[pypy-dev] Fwd: New Javascript parser in the works

Sat Apr 28 18:22:50 CEST 2007

Florian Schulze wrote:
 > On Sat, 28 Apr 2007 02:50:38 +0200, Leonardo Santagada
 > <santagada at gmail.com> wrote:
 >
 >
 >>> Now about semicolons, how should I deal with them? in the spec the
 >>> grammar doesn't deal with them and in the mozilla one I don't see
 >>> how they are doing it also. As we have set that as the parsing
 >>> module works today it is not possible to do automatic semicolon
 >>> insertion, can we do "forced semicolon presence" as seen on C and
 >>> Java? (some lightbulb just lightened up here, maybe I should look
 >>> for the grammar of any of those two languages)
 >
 > This is the biggest and hardest problem about js parsing. The spec does
 > define how to handle it, I'm not sure now how the grammar reflects that
 > though. Looking at C doesn't help, because there it always needs to be
 > present and can't be replaced with newlines. The problem with a js 
parser
 > is, that newlines aren't really whitespace, just like in python. But 
the
 > rules are weird, because newlines are only sometimes relevant, not
 > everytime. A js parser which doesn't handle this correctly is in my
 > opinion just wrong. You couldn't parse any real world javascript with it.

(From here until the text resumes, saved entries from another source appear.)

Lemma sum_ffun_mul_centered h B (b b' : 'I_B) : \sum_s h s = 0 ->
  \sum_(w : {ffun 'I_B -> S}) h (w b) * h (w b') =
  if b' == b then #|S|%:R ^+ B.-1 * \sum_s h s ^+ 2 else 0.
Proof.
move=> h0.
(* The sum over all [w] factorises coordinatewise; for [b != b'] the factor at
   [b] is [\sum_s h s = 0]. *)
pose F i (x : S) := (if i == b then h x else 1) * (if i == b' then h x else 1).
have -> : \sum_(w : {ffun 'I_B -> S}) h (w b) * h (w b') = \prod_i \sum_x F i x.
  rewrite bigA_distr_bigA; apply: eq_bigr => w _.
  by rewrite big_split /= -!big_mkcond !big_pred1_eq.
rewrite (bigD1 b) //= /F eqxx; case: eqVneq => [<-|neq_bb']; last first.
  by under eq_bigr do rewrite mulr1; rewrite h0 mul0r.
rewrite [X in _ * X](eq_bigr (fun=> #|S|%:R)) => [|i /negPf nib]; last first.
  by rewrite nib mulr1 sumr_const.
rewrite prodr_const cardC1 card_ord mulrC.
by congr (_ * _); apply: eq_bigr => x _; rewrite expr2.
Qed.

Lemma sum_ffun_sqr_centered h B : \sum_s h s = 0 ->
  \sum_(w : {ffun 'I_B -> S}) (\sum_(b < B) h (w b)) ^+ 2 =
  B%:R * (#|S|%:R ^+ B.-1 * \sum_s h s ^+ 2).
Proof.
move=> h0; under eq_bigr do rewrite expr2 mulr_suml.
under eq_bigr do under eq_bigr do rewrite mulr_sumr.
rewrite exchange_big /=; under eq_bigr do rewrite exchange_big /=.
under eq_bigr do under eq_bigr do rewrite sum_ffun_mul_centered //.
under eq_bigr do rewrite -big_mkcond /= big_pred1_eq.
by rewrite sumr_const card_ord mulr_natl.
Qed.
Lemma sum_pauli_mulJ (k j k' j' : 'I_D) :
  \sum_(a : pauli_string d n) pauli R a k j * (pauli R a k' j')^*
    = ((d ^ n) * ((k == k') && (j == j')))%:R.
Proof.
under eq_bigr do rewrite !pauliE rmorph_prod -big_split /=.
rewrite -(bigA_distr_bigA (fun i p => pauli_site R (digits k i) (digits j i) p *
                                        (pauli_site R (digits k' i) (digits j' i) p)^*)) /=.
under eq_bigr do rewrite pauli_site_orthogonal //.
have [same|] := boolP [forall i, (digits k i == digits k' i) && (digits j i == digits j' i)].
  have [<- <-] : k = k' /\ j = j'.
    split; apply: enum_val_inj; apply/ffunP => i.
      by have /andP[/eqP ? _] := forallP same i.
    by have /andP[_ /eqP ?] := forallP same i.
  under eq_bigr do rewrite !eqxx muln1.
  by rewrite !eqxx muln1 prodr_const card_ord natrX.
rewrite negb_forall => /existsP [i ne_i]; rewrite (bigD1 i) //= (negbTE ne_i) muln0 mul0r.
case: eqVneq => [ek|]; case: eqVneq => [ej|] //=; rewrite ?muln0 //.
by rewrite ek ej !eqxx in ne_i.
Qed.

Lemma sum_tr_pauli_mulJ (Y : op) :
  \sum_(a : pauli_string d n) \tr (Y *m pauli R a) * (\tr (Y *m pauli R a))^*
    = (\sum_(u : 'I_D * 'I_D) Y u.1 u.2 * (Y u.1 u.2)^*) *+ (d ^ n).
Proof.
have trE a : \tr (Y *m pauli R a) = \sum_(u : 'I_D * 'I_D) Y u.1 u.2 * pauli R a u.2 u.1.
  rewrite /mxtrace -(pair_bigA _ (fun k j => Y k j * pauli R a j k)) /=.
  by apply: eq_bigr => k _; rewrite mxE.
under eq_bigr do rewrite trE rmorph_sum mulr_suml.
under eq_bigr do under eq_bigr do rewrite mulr_sumr.
rewrite exchange_big /=; under eq_bigr do rewrite exchange_big /=.
rewrite -sumrMnl; apply: eq_bigr => u _.
under eq_bigr do (under eq_bigr do rewrite rmorphM mulrACA; rewrite -mulr_sumr sum_pauli_mulJ).
rewrite (bigD1 u) //= big1 ?addr0 => [|v ne_v]; first by rewrite !eqxx muln1 mulr_natr.
suff -> : (u.2 == v.2) && (u.1 == v.1) = false by rewrite muln0 mulr0.
apply/negbTE; apply: contra ne_v => /andP [/eqP e2 /eqP e1].
by rewrite [u]surjective_pairing [v]surjective_pairing e1 e2.
Qed.
(* Let $\mathcal{X}\subseteq\mathbb{R}^d$ be nonempty, closed and convex, and let $f:\mathbb{R}^d\to\mathbb{R}$ be differentiable (not necessarily convex) and $L$-smooth on an open set containing $\mathcal{X}$; assume $f_\star=\min_{x\in\mathcal{X}}f(x)$ is attained. Fix $\gamma\in(0,1/L]$ and define $G_\gamma(x):=\frac1\gamma\big(x-\Pi_{\mathcal{X}}(x-\gamma\nabla f(x))\big)$, where $\Pi_{\mathcal{X}}$ is the Euclidean projection onto $\mathcal{X}$. Let $x_0\in\mathcal{X}$ and $x_{k+1}\in\operatorname{arg\,min}_{z\in\mathcal{X}\cap\mathcal{B}(x_k,t_k)}\langle\nabla f(x_k),z\rangle$ with $t_k:=\gamma\|G_\gamma(x_k)\|$. Then for every $k\ge0$, $f(x_{k+1})\le f(x_k)-\frac\gamma2\|G_\gamma(x_k)\|^2$, and for every $K\ge1$, $$\min_{0\le k\le K-1}\|G_\gamma(x_k)\|^2\le\frac{2(f(x_0)-f_\star)}{\gamma K}.$$ In particular, for $\gamma=1/L$, $\min_{0\le k\le K-1}\|G_{1/L}(x_k)\|^2\le\frac{2L(f(x_0)-f_\star)}{K}$.
   Context: $\|\cdot\|$ is the Euclidean norm, $\mathcal{B}(x,t):=\{y:\|y-x\|\le t\}$; $L$-smooth means $\nabla f$ is $L$-Lipschitz. *)

From HB Require Import structures.
From mathcomp Require Import all_boot all_order all_algebra.
From mathcomp Require Import all_classical all_reals all_analysis.
Set Implicit Arguments. Unset Strict Implicit. Unset Printing Implicit Defensive.
Import Order.TTheory GRing.Theory Num.Theory.
Import numFieldNormedType.Exports.
Local Open Scope classical_set_scope.
Local Open Scope ring_scope.

Section Defs.
Variables (R : realType) (d : nat).
Notation V := 'rV[R]_d.

Definition dotp (u v : V) : R := \sum_(i < d) u ord0 i * v ord0 i.
Definition enorm (u : V) : R := Num.sqrt (dotp u u).

Definition eball (x : V) (t : R) : set V := [set y | enorm (y - x) <= t].

Definition is_proj (X : set V) (y p : V) : Prop :=
  X p /\ forall z, X z -> enorm (y - p) <= enorm (y - z).

Definition is_gradient (f : V -> R) (x g : V) : Prop :=
  differentiable f x /\ forall v : V, 'd f x v = dotp g v.

Definition grad_map (P : V -> V) (grad : V -> V) (gamma : R) (x : V) : V :=
  gamma^-1 *: (x - P (x - gamma *: grad x)).

Definition is_argmin_lin (S : set V) (g z : V) : Prop :=
  S z /\ forall w, S w -> dotp g z <= dotp g w.
End Defs.

From HB Require Import structures.
From mathcomp Require Import all_boot all_order all_algebra.
From mathcomp Require Import all_classical all_reals all_analysis.
From mathcomp Require Import ring lra.
Import Order.TTheory GRing.Theory Num.Theory.
Import numFieldNormedType.Exports.
Local Open Scope classical_set_scope.
Local Open Scope ring_scope.
Set Implicit Arguments. Unset Strict Implicit.

(* Write [g = grad f x_k], [p = Pi_X(x_k - gamma g)] and [u = x_k - p = gamma G_gamma(x_k)].
   The projection inequality at the feasible point [x_k] gives
   [gamma <g, p - x_k> <= -|u|^2]; since [p] lies in the ball of radius [t_k = |u|],
   the minimizer [x_{k+1}] of [<g, .>] does at least as well, and [|x_{k+1} - x_k| <= |u|].
   The descent lemma of [L]-smooth functions with [L <= 1/gamma] then yields
   [f(x_{k+1}) <= f(x_k) - |u|^2/gamma + |u|^2/(2 gamma)], i.e. the sufficient decrease.
   Summing the decreases and bounding [f(x_K)] below by [f_star] gives the rate. *)

Section InnerProduct.
Variables (R : realType) (d : nat).
Notation V := 'rV[R]_d.
Implicit Types u v w : V.

Lemma dotpC u v : dotp u v = dotp v u.
Proof. by apply: eq_bigr => i _; rewrite mulrC. Qed.

Lemma dotpDl u v w : dotp (u + v) w = dotp u w + dotp v w.
Proof. by rewrite /dotp -big_split; apply: eq_bigr => i _; rewrite mxE mulrDl. Qed.

Lemma dotpZl (c : R) u v : dotp (c *: u) v = c * dotp u v.
Proof. by rewrite /dotp mulr_sumr; apply: eq_bigr => i _; rewrite mxE mulrA. Qed.

Lemma dotpBl u v w : dotp (u - v) w = dotp u w - dotp v w.
Proof. by rewrite dotpDl -scaleN1r dotpZl mulN1r. Qed.

Lemma dotpZr (c : R) u v : dotp u (c *: v) = c * dotp u v.
Proof. by rewrite dotpC dotpZl dotpC. Qed.

Lemma dotpBr u v w : dotp u (v - w) = dotp u v - dotp u w.
Proof. by rewrite dotpC dotpBl !(dotpC u). Qed.

Lemma dotpp_ge0 u : 0 <= dotp u u.
Proof. by apply: sumr_ge0 => i _; rewrite sqr_ge0. Qed.

Lemma enorm_sqr u : enorm u ^+ 2 = dotp u u.
Proof. by rewrite sqr_sqrtr // dotpp_ge0. Qed.

Lemma ler_enorm u v : (enorm u <= enorm v) = (dotp u u <= dotp v v).
Proof. by rewrite ler_sqrt // dotpp_ge0. Qed.

Lemma enormZ (c : R) u : enorm (c *: u) = `|c| * enorm u.
Proof. by rewrite /enorm dotpZl dotpZr mulrA -expr2 sqrtrM ?sqr_ge0 // sqrtr_sqr. Qed.

Lemma enorm_distC u v : enorm (u - v) = enorm (v - u).
Proof. by rewrite -opprB -scaleN1r enormZ normrN1 mul1r. Qed.

Lemma dotpp_BZ u v (s : R) :
  dotp (u - s *: v) (u - s *: v) = dotp u u - 2 * s * dotp u v + s ^+ 2 * dotp v v.
Proof. by rewrite !dotpBl !dotpBr !dotpZl !dotpZr (dotpC v u); ring. Qed.

Lemma dotp_amgm (a : R) u v : 2 * a * dotp u v <= dotp u u + a ^+ 2 * dotp v v.
Proof. by have := dotpp_ge0 (u - a *: v); rewrite dotpp_BZ; lra. Qed.

Lemma dotp_le_of_enorm_le (a : R) w v :
  0 < a -> enorm w <= a * enorm v -> dotp w v <= a * dotp v v.
Proof.
move=> a_gt0; rewrite -{1}(ger0_norm (ltW a_gt0)).
rewrite -enormZ ler_enorm dotpZl dotpZr mulrA -expr2 => ww.
have : 2 * a * (dotp w v - a * dotp v v) <= 0.
  by have := dotp_amgm a w v; rewrite expr2 in ww *; lra.
by rewrite pmulr_rle0 ?mulr_gt0 // subr_le0.
Qed.

End InnerProduct.

Section Projection.
Variables (R : realType) (d : nat).
Notation V := 'rV[R]_d.
Variable X : set V.
Hypothesis convX : convex_set X.

Lemma convex_set_comb z p (s : R) : X z -> X p -> 0 <= s -> s <= 1 ->
  X (s *: z + (1 - s) *: p).
Proof.
move=> Xz Xp s_ge0 s_le1.
exact: set_mem (convX (Itv01 s_ge0 s_le1) (mem_set Xz) (mem_set Xp)).
Qed.

Lemma is_proj_dotp_le0 y p z : is_proj X y p -> X z -> dotp (y - p) (z - p) <= 0.
Proof.
move=> [Xp p_min] Xz.
set a := dotp (y - p) (z - p); set b := dotp (z - p) (z - p).
have b_ge0 : 0 <= b by apply: dotpp_ge0.
have two_a_le s : 0 < s -> s <= 1 -> 2 * a <= s * b.
  move=> s_gt0 s_le1.
  have := p_min _ (convex_set_comb Xz Xp (ltW s_gt0) s_le1).
  have -> : y - (s *: z + (1 - s) *: p) = (y - p) - s *: (z - p).
    by rewrite scalerBl scale1r scalerBr !opprD !opprK !addrA (addrAC y).
  rewrite ler_enorm dotpp_BZ -/a -/b => h.
  by rewrite -(ler_pM2l s_gt0); nra.
(* The choice [s = a / (a + b)] turns [2 a <= s b] into [2 a (a + b) <= a b], absurd for [a > 0]. *)
rewrite leNgt; apply/negP => a_gt0.
have ab_gt0 : 0 < a + b by lra.
have := two_a_le (a / (a + b)) (divr_gt0 a_gt0 ab_gt0).
rewrite ler_pdivrMr // mul1r lerDl b_ge0 => /(_ isT).
rewrite mulrAC ler_pdivlMr //; clearbody a b; nra.
Qed.

Lemma is_proj_gradient_step y g p (gamma : R) :
  X y -> is_proj X (y - gamma *: g) p -> gamma * dotp g (p - y) <= - dotp (y - p) (y - p).
Proof.
move=> Xy proj_p; have := is_proj_dotp_le0 proj_p Xy.
by rewrite (addrAC y) [dotp (_ - gamma *: g) _]dotpBl dotpZl !dotpBr; lra.
Qed.
End Projection.

Lemma is_derive_quadratic (R : realType) (c k t : R) :
  is_derive t 1 (@id R * cst c + cst k * (@id R * @id R)) (c + k * (t + t)).
Proof.
apply: is_derive_eq.
by rewrite !scaler0 add0r addr0 /cst /= -![_%:A]/(_ * 1) !mulr1.
Qed.

Section Smoothness.
Variables (R : realType) (d : nat).
Notation V := 'rV[R]_d.
Variables (f : V -> R) (grad : V -> V) (U : set V) (L : R).
Hypothesis gradf : forall y, is_gradient f y (grad y).
Hypothesis L_gt0 : 0 < L.
Hypothesis grad_lipschitz :
  forall y z, U y -> U z -> enorm (grad y - grad z) <= L * enorm (y - z).

Lemma is_derive_line (x v : V) (t : R) :
  is_derive t 1 (fun s : R => f (x + s *: v)) (dotp (grad (x + t *: v)) v).
Proof.
have shiftE : (fun h : R => h^-1 *: (((fun s => f (x + s *: v)) \o shift t) (h *: 1)
                                      - f (x + t *: v)))
    = (fun h : R => h^-1 *: ((f \o shift (x + t *: v)) (h *: v) - f (x + t *: v))).
  by apply: funext => h /=; rewrite -[h%:A]/(h * 1) mulr1 scalerDl addrCA.
have [df dfE] := gradf (x + t *: v).
apply: DeriveDef; first by rewrite /derivable shiftE; apply: diff_derivable.
by rewrite /derive shiftE -/(derive f _ v) deriveE // dfE.
Qed.

Lemma grad_slope_le (x v : V) (t : R) : U x -> U (x + t *: v) -> 0 < t ->
  dotp (grad (x + t *: v) - grad x) v <= L * t * dotp v v.
Proof.
move=> Ux Uxtv t_gt0; apply: dotp_le_of_enorm_le; first exact: mulr_gt0.
have := grad_lipschitz Uxtv Ux.
by rewrite (addrC x) addrK enormZ gtr0_norm // mulrA.
Qed.

Lemma descent_lemma (x y : V) :
  (forall t, 0 <= t -> t <= 1 -> U (x + t *: (y - x))) ->
  f y <= f x + dotp (grad x) (y - x) + L / 2 * dotp (y - x) (y - x).
Proof.
move=> U_seg; set v := y - x; set c := dotp (grad x) v; set n := dotp v v.
(* [psi t = f (x + t v) - c t - (L/2) n t^2] has nonpositive slope, so [psi 1 <= psi 0]. *)
pose psi : R -> R :=
  (fun s => f (x + s *: v)) - (@id R * cst c + cst (L / 2 * n) * (@id R * @id R)).
pose dpsi t := dotp (grad (x + t *: v)) v - (c + L / 2 * n * (t + t)).
have psi_der t : is_derive t (1 : R^o) (psi : R^o -> R^o) (dpsi t).
  by apply: is_deriveB; [exact: is_derive_line | exact: is_derive_quadratic].
have psi_cont : {within `[0, 1], continuous psi}.
  by apply: derivable_within_continuous => t _; case: (psi_der t).
have [z] := MVT ltr01 (fun t _ => psi_der t) psi_cont.
rewrite in_itv /= => /andP[z_gt0 z_lt1] psi_mvt.
have Ux : U x by have := U_seg 0 (lexx _) ler01; rewrite scale0r addr0.
have := grad_slope_le Ux (U_seg z (ltW z_gt0) (ltW z_lt1)) z_gt0.
rewrite dotpBl -/v -/c -/n => slope_le.
have psi1 : psi 1 = f y - (c + L / 2 * n).
  change (f (x + 1 *: v) - (1 * c + L / 2 * n * (1 * 1)) = f y - (c + L / 2 * n)).
  by rewrite scale1r /v (addrC x) subrK !mul1r mulr1.
have psi0 : psi 0 = f x.
  change (f (x + 0 *: v) - (0 * c + L / 2 * n * (0 * 0)) = f x).
  by rewrite scale0r addr0 !mul0r mulr0 addr0 subr0.
have dpsi_le0 : dpsi z <= 0 by rewrite /dpsi; lra.
by move: psi_mvt; rewrite psi1 psi0 subr0 mulr1; lra.
Qed.
End Smoothness.

Lemma ball_step_sufficient_decrease (R : realType) (d : nat) (X U : set 'rV[R]_d)
    (f : 'rV[R]_d -> R) (grad : 'rV[R]_d -> 'rV[R]_d) (L gamma : R)
    (P : 'rV[R]_d -> 'rV[R]_d) (y yn : 'rV[R]_d) :
  convex_set X -> (forall y, is_gradient f y (grad y)) -> X `<=` U -> 0 < L ->
  (forall y z, U y -> U z -> enorm (grad y - grad z) <= L * enorm (y - z)) ->
  (forall y, is_proj X y (P y)) -> 0 < gamma -> gamma <= L^-1 -> X y ->
  is_argmin_lin (X `&` eball y (gamma * enorm (grad_map P grad gamma y))) (grad y) yn ->
  f yn <= f y - gamma / 2 * enorm (grad_map P grad gamma y) ^+ 2.
Proof.
move=> convX gradf XU L_gt0 lip projP gamma_gt0 gamma_le Xy [[Xyn yn_ball] yn_min].
set g := grad y; set p := P (y - gamma *: g); set u := y - p.
have Gu : grad_map P grad gamma y = gamma^-1 *: u by [].
have radius : gamma * enorm (grad_map P grad gamma y) = enorm u.
  by rewrite Gu enormZ ger0_norm ?invr_ge0 ?ltW // mulrA mulfV ?gt_eqF // mul1r.
have -> : gamma / 2 * enorm (grad_map P grad gamma y) ^+ 2 = gamma^-1 * dotp u u / 2.
  rewrite Gu enormZ exprMn enorm_sqr ger0_norm ?invr_ge0 ?ltW //.
  by field; rewrite gt_eqF.
rewrite radius in yn_ball yn_min.
have proj_step : dotp g (p - y) <= - (gamma^-1 * dotp u u).
  rewrite -mulrN ler_pdivlMl //.
  by have := is_proj_gradient_step convX Xy (projP (y - gamma *: g)).
have yn_le_p : dotp g yn <= dotp g p.
  apply: yn_min; split; first by case: (projP (y - gamma *: g)).
  by rewrite /eball /= enorm_distC.
have yn_near : L * dotp (yn - y) (yn - y) <= gamma^-1 * dotp u u.
  have L_le : L <= gamma^-1 by rewrite -[L]invrK lef_pV2 ?posrE ?invr_gt0.
  apply: le_trans (ler_wpM2r (dotpp_ge0 u) L_le).
  by rewrite ler_pM2l // -ler_enorm.
have segment_in_U t : 0 <= t -> t <= 1 -> U (y + t *: (yn - y)).
  move=> t_ge0 t_le1; apply: XU.
  rewrite scalerBr addrCA -{1}[y]scale1r -scalerBl.
  exact: convex_set_comb.
have := descent_lemma gradf L_gt0 lip segment_in_U.
rewrite dotpBr dotpBr in proj_step *.
lra.
Qed.

Lemma exists_le_mean (R : realDomainType) (a : nat -> R) (K : nat) : (0 < K)%N ->
  exists2 k, (k < K)%N & a k *+ K <= \sum_(0 <= i < K) a i.
Proof.
case: K => // K _.
have [k _ k_min] := @arg_minP _ _ 'I_K.+1 ord0 xpredT (fun i => a i) isT.
exists k => //; rewrite big_mkord -[X in _ *+ X]card_ord -sumr_const.
by apply: ler_sum => i _; apply: k_min.
Qed.

Lemma sufficient_decrease_rate (R : realFieldType) (F a : nat -> R) (c Fmin : R) (K : nat) :
  0 < c -> (forall k, F k.+1 <= F k - c * a k) -> (forall k, Fmin <= F k) -> (0 < K)%N ->
  exists2 k, (k < K)%N & a k <= (F 0%N - Fmin) / (c * K%:R).
Proof.
move=> c_gt0 decr F_ge K_gt0.
have telescope n : c * \sum_(0 <= k < n) a k <= F 0%N - F n.
  elim: n => [|n IHn]; first by rewrite big_geq // mulr0 subrr.
  by rewrite big_nat_recr //= mulrDr; have := decr n; lra.
have [k kK ak_le] := exists_le_mean a K_gt0.
exists k => //; rewrite ler_pdivlMr ?mulr_gt0 ?ltr0n //.
have := telescope K; have := F_ge K.
rewrite -(ler_pM2l c_gt0) -mulr_natr in ak_le; lra.
Qed.

Theorem theorem9 (R : realType) (d : nat) (X U : set 'rV[R]_d)
  (f : 'rV[R]_d -> R) (grad : 'rV[R]_d -> 'rV[R]_d) (L gamma : R)
  (P : 'rV[R]_d -> 'rV[R]_d) (xs : 'rV[R]_d) (x : nat -> 'rV[R]_d) :
  (* X nonempty, closed, convex *)
  X !=set0 -> closed X -> convex_set X ->
  (* f differentiable with gradient grad *)
  (forall y, is_gradient f y (grad y)) ->
  (* L-smooth on an open set U containing X *)
  open U -> X `<=` U -> 0 < L ->
  (forall y z, U y -> U z -> enorm (grad y - grad z) <= L * enorm (y - z)) ->
  (* f_star = f xs = min over X, attained at xs *)
  X xs -> (forall y, X y -> f xs <= f y) ->
  (* P is the Euclidean projection onto X *)
  (forall y, is_proj X y (P y)) ->
  0 < gamma -> gamma <= L^-1 ->
  (* the iteration *)
  X (x 0%N) ->
  (forall k, is_argmin_lin (X `&` eball (x k) (gamma * enorm (grad_map P grad gamma (x k))))
                           (grad (x k)) (x k.+1)) ->
  (forall k, f (x k.+1) <= f (x k) - gamma / 2 * enorm (grad_map P grad gamma (x k)) ^+ 2)
  /\ (forall K : nat, (1 <= K)%N ->
        exists2 k : nat, (k < K)%N &
          enorm (grad_map P grad gamma (x k)) ^+ 2 <= 2 * (f (x 0%N) - f xs) / (gamma * K%:R))
  /\ (gamma = L^-1 -> forall K : nat, (1 <= K)%N ->
        exists2 k : nat, (k < K)%N &
          enorm (grad_map P grad (L^-1) (x k)) ^+ 2 <= 2 * L * (f (x 0%N) - f xs) / K%:R).
Proof.
move=> _ _ convX gradf _ XU L_gt0 lip Xxs xs_min projP gamma_gt0 gamma_le X0 x_step.
have Xx k : X (x k) by case: k => // k; case: (x_step k) => [[]].
have decr k := ball_step_sufficient_decrease convX gradf XU L_gt0 lip projP gamma_gt0
  gamma_le (Xx k) (x_step k).
have rate K : (1 <= K)%N -> exists2 k, (k < K)%N &
    enorm (grad_map P grad gamma (x k)) ^+ 2 <= 2 * (f (x 0%N) - f xs) / (gamma * K%:R).
  move=> K_gt0; have gamma2_gt0 : 0 < gamma / 2 by rewrite divr_gt0.
  have [k kK] := sufficient_decrease_rate (F := f \o x) gamma2_gt0 decr
    (fun k => xs_min _ (Xx k)) K_gt0.
  exists k => //; rewrite [X in _ <= X](_ : _ = (f (x 0%N) - f xs) / (gamma / 2 * K%:R)) //.
  by field; rewrite pnatr_eq0 -lt0n K_gt0 gt_eqF.
split=> //; split=> // gammaE K K_gt0.
have [k kK] := rate K K_gt0; exists k => //.
rewrite -gammaE [X in _ <= X](_ : _ = 2 * (f (x 0%N) - f xs) / (gamma * K%:R)) // gammaE.
by field; rewrite pnatr_eq0 -lt0n K_gt0 gt_eqF.
Qed.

The part of the spec that describes the automatic semicolon insertion is
completely silly, in my opinion. It goes something like this:

     When, as the program is parsed from left to right, a token (called
     the offending token) is encountered that is not allowed by any
     production of the grammar, then a semicolon is automatically
     inserted before the offending token if one or more of the following
     conditions is true:

     ...

This is completely crazy, because it effectively forces you to write a
parser using a left-to-right parsing technique and also a parser that
works by doing exactly one token lookahead. The second part is what
makes packrat parsing fail, since it uses arbitrary many tokens
lookahead, so you cannot really determine what an "offending token" is
since you cannot distinguish it from normal backtracking. I don't see
how you can fix that, really.

Now you have basically two choices: you can change force all semicolons
to be inserted, which makes most code out there not parse.  The other
one is more brainstormy-like, it does not work as I describe but maybe
someone has an idea to get it to work: you could change the grammar to
be very lenient with semicolons (at least for a packrat parser this
might be easy) meaning that it will programs as valid that existing
Javascript engines will reject. Something like this:

     a = b c = d

would be valid. This opens its own set of problems such as:

     a = b
     ++ c

Which would most likely be parsed to be equivalent to:

     a = b++;
     c;

Whereas with the spec it is:

     a = b;
     ++c;

No clue how to fix that, yet.

Cheers,

Carl Friedrich